**Problem to work on:** Starting at the line with "transitivity (fiter k x);" and going on through the line with "intros eps Heps.", reproduce each line in the records below exactly and nothing more.

____

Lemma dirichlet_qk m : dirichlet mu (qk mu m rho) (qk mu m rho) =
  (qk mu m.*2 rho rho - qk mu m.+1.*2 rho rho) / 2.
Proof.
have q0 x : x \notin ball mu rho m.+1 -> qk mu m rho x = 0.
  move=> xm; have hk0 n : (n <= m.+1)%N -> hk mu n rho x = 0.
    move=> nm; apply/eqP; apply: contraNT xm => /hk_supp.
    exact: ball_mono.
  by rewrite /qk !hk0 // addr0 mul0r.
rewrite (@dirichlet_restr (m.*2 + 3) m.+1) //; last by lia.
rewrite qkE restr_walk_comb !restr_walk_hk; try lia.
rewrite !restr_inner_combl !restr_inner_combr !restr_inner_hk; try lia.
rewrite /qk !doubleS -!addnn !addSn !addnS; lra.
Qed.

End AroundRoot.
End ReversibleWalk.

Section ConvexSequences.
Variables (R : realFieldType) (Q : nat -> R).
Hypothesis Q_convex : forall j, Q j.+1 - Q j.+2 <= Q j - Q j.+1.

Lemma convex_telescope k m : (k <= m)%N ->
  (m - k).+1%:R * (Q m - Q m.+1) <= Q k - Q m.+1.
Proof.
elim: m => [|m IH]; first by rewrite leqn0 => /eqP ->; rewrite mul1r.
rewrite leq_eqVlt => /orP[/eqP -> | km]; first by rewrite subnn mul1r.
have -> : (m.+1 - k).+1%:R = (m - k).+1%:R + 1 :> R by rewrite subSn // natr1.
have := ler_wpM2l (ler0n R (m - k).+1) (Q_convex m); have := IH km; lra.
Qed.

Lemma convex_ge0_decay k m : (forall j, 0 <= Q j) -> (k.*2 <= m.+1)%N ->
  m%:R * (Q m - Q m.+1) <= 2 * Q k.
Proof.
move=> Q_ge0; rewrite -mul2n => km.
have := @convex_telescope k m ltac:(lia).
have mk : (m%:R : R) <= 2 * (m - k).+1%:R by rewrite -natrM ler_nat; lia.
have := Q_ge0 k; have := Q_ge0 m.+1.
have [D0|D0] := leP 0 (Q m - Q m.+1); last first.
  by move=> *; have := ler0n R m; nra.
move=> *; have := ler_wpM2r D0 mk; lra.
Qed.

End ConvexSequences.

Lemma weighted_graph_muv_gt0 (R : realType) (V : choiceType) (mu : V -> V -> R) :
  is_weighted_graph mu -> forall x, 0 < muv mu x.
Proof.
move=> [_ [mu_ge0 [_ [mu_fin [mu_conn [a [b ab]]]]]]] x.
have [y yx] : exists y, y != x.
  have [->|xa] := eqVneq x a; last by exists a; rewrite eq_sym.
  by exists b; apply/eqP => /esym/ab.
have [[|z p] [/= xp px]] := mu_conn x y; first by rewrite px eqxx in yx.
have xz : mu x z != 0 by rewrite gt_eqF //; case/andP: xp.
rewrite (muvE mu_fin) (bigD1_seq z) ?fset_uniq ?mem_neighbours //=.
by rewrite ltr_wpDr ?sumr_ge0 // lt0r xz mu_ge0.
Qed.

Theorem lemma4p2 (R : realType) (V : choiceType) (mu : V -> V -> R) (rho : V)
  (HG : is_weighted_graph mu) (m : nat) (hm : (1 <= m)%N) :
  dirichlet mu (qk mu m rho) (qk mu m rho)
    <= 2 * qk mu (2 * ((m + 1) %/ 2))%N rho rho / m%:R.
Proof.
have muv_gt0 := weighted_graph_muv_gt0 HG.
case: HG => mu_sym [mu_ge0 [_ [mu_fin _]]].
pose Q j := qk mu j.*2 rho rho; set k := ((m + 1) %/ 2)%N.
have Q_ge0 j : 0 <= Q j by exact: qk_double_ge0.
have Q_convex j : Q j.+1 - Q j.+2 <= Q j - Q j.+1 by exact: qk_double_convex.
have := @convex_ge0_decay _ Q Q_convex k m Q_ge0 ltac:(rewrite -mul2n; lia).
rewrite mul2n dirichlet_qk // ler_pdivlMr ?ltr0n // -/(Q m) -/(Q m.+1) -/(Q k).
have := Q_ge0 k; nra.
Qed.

____

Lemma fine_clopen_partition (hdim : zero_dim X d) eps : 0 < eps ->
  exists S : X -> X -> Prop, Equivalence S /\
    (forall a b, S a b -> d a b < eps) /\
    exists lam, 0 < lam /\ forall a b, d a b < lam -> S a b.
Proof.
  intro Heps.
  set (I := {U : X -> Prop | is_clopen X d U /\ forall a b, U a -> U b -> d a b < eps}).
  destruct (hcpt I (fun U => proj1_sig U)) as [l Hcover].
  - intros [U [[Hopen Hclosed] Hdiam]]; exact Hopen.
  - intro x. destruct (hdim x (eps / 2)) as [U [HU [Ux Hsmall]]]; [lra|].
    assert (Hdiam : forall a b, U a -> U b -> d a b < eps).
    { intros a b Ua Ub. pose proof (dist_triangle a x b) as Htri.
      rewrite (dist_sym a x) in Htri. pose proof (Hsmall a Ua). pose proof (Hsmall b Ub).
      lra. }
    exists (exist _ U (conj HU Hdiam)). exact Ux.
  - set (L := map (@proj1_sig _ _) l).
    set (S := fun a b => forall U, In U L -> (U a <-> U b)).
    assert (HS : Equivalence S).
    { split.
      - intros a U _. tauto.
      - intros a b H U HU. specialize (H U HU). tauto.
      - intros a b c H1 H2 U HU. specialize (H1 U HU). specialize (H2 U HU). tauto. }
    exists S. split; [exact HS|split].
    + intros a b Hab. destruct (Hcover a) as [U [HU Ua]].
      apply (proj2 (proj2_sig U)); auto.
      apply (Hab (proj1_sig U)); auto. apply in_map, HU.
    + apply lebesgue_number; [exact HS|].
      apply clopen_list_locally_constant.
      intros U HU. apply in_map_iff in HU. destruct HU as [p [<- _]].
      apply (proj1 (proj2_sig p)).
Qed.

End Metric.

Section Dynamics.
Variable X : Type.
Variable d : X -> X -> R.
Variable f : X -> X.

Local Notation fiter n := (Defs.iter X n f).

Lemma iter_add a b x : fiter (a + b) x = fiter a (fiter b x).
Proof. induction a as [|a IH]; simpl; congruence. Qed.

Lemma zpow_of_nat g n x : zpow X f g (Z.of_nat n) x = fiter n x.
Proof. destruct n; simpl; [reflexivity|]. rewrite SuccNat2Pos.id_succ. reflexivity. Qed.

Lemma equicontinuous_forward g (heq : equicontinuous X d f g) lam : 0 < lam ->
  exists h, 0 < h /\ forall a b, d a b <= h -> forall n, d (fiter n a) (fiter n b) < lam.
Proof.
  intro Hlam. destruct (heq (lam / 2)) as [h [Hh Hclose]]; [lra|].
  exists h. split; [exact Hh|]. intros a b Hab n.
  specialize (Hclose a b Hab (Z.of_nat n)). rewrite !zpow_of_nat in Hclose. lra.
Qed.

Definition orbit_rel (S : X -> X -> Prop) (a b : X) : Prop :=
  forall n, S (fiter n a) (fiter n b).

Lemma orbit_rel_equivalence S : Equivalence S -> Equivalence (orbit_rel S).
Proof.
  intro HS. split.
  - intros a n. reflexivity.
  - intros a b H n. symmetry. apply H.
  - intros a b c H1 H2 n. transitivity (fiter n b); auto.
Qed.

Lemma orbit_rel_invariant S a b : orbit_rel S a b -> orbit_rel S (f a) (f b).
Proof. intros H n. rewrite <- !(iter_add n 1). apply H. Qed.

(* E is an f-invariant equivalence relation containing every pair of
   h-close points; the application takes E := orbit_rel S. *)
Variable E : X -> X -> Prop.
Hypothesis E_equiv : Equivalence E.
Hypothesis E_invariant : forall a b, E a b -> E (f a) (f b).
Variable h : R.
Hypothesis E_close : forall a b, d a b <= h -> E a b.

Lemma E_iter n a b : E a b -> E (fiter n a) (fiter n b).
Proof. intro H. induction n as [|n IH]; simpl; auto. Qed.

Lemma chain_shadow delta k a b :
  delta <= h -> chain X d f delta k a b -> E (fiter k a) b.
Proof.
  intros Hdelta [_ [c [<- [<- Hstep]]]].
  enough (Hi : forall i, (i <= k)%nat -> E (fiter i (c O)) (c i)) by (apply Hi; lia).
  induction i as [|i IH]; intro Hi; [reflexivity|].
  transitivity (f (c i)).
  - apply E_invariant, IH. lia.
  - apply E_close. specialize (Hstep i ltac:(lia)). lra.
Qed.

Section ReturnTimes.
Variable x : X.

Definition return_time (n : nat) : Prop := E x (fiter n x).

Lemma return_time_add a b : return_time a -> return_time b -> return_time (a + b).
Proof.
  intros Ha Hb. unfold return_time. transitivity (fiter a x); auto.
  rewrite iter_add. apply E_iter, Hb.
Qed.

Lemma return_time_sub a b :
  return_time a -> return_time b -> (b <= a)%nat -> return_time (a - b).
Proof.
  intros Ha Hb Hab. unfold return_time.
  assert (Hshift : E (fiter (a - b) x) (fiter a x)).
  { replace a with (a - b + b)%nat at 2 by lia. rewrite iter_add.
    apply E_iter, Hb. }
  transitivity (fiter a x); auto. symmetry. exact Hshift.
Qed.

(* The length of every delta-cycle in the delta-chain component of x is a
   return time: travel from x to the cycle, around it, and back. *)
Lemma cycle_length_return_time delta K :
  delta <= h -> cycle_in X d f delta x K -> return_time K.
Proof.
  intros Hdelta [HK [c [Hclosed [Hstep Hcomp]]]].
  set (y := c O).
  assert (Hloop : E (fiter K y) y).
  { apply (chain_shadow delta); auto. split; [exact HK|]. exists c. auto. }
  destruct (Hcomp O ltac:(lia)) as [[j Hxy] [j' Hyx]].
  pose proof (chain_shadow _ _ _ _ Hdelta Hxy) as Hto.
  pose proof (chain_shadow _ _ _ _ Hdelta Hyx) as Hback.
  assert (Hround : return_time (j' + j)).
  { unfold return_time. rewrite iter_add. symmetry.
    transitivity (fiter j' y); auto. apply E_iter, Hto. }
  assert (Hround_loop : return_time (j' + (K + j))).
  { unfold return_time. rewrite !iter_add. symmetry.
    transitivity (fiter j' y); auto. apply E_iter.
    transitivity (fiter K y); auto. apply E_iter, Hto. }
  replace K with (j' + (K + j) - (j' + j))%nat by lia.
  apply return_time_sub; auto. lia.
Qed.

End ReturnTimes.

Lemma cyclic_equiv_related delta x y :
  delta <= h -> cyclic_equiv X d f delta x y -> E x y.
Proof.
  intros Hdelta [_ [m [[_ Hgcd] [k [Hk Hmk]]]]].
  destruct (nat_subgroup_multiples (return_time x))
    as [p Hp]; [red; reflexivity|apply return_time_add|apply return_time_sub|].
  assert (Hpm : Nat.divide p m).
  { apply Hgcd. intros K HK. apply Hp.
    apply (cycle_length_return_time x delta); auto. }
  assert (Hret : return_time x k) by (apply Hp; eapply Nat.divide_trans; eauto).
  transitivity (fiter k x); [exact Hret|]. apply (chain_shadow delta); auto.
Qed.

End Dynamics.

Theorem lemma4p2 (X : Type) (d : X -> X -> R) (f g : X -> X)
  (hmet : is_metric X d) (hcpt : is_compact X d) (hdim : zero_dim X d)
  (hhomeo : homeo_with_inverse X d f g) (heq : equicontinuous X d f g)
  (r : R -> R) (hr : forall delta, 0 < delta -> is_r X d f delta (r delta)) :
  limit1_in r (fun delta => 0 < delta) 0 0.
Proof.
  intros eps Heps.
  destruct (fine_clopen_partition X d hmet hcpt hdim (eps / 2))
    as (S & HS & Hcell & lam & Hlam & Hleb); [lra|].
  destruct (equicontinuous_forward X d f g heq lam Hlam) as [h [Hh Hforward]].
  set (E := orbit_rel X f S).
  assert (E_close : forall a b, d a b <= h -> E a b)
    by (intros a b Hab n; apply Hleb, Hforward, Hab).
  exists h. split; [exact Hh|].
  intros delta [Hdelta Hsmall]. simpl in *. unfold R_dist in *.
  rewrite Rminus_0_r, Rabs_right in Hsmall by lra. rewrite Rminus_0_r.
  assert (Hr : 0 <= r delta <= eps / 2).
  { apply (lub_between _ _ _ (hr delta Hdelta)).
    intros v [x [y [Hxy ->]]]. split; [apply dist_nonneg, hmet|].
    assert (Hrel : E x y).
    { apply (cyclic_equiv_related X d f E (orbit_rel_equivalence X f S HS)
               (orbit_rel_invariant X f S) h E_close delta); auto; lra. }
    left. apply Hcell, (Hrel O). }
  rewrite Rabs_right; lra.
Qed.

____

**Your response:**
  transitivity (fiter k x); [exact Hret|]. apply (chain_shadow delta); auto.
Qed.

End Dynamics.

Theorem lemma4p2 (X : Type) (d : X -> X -> R) (f g : X -> X)
  (hmet : is_metric X d) (hcpt : is_compact X d) (hdim : zero_dim X d)
  (hhomeo : homeo_with_inverse X d f g) (heq : equicontinuous X d f g)
  (r : R -> R) (hr : forall delta, 0 < delta -> is_r X d f delta (r delta)) :
  limit1_in r (fun delta => 0 < delta) 0 0.
Proof.
  intros eps Heps.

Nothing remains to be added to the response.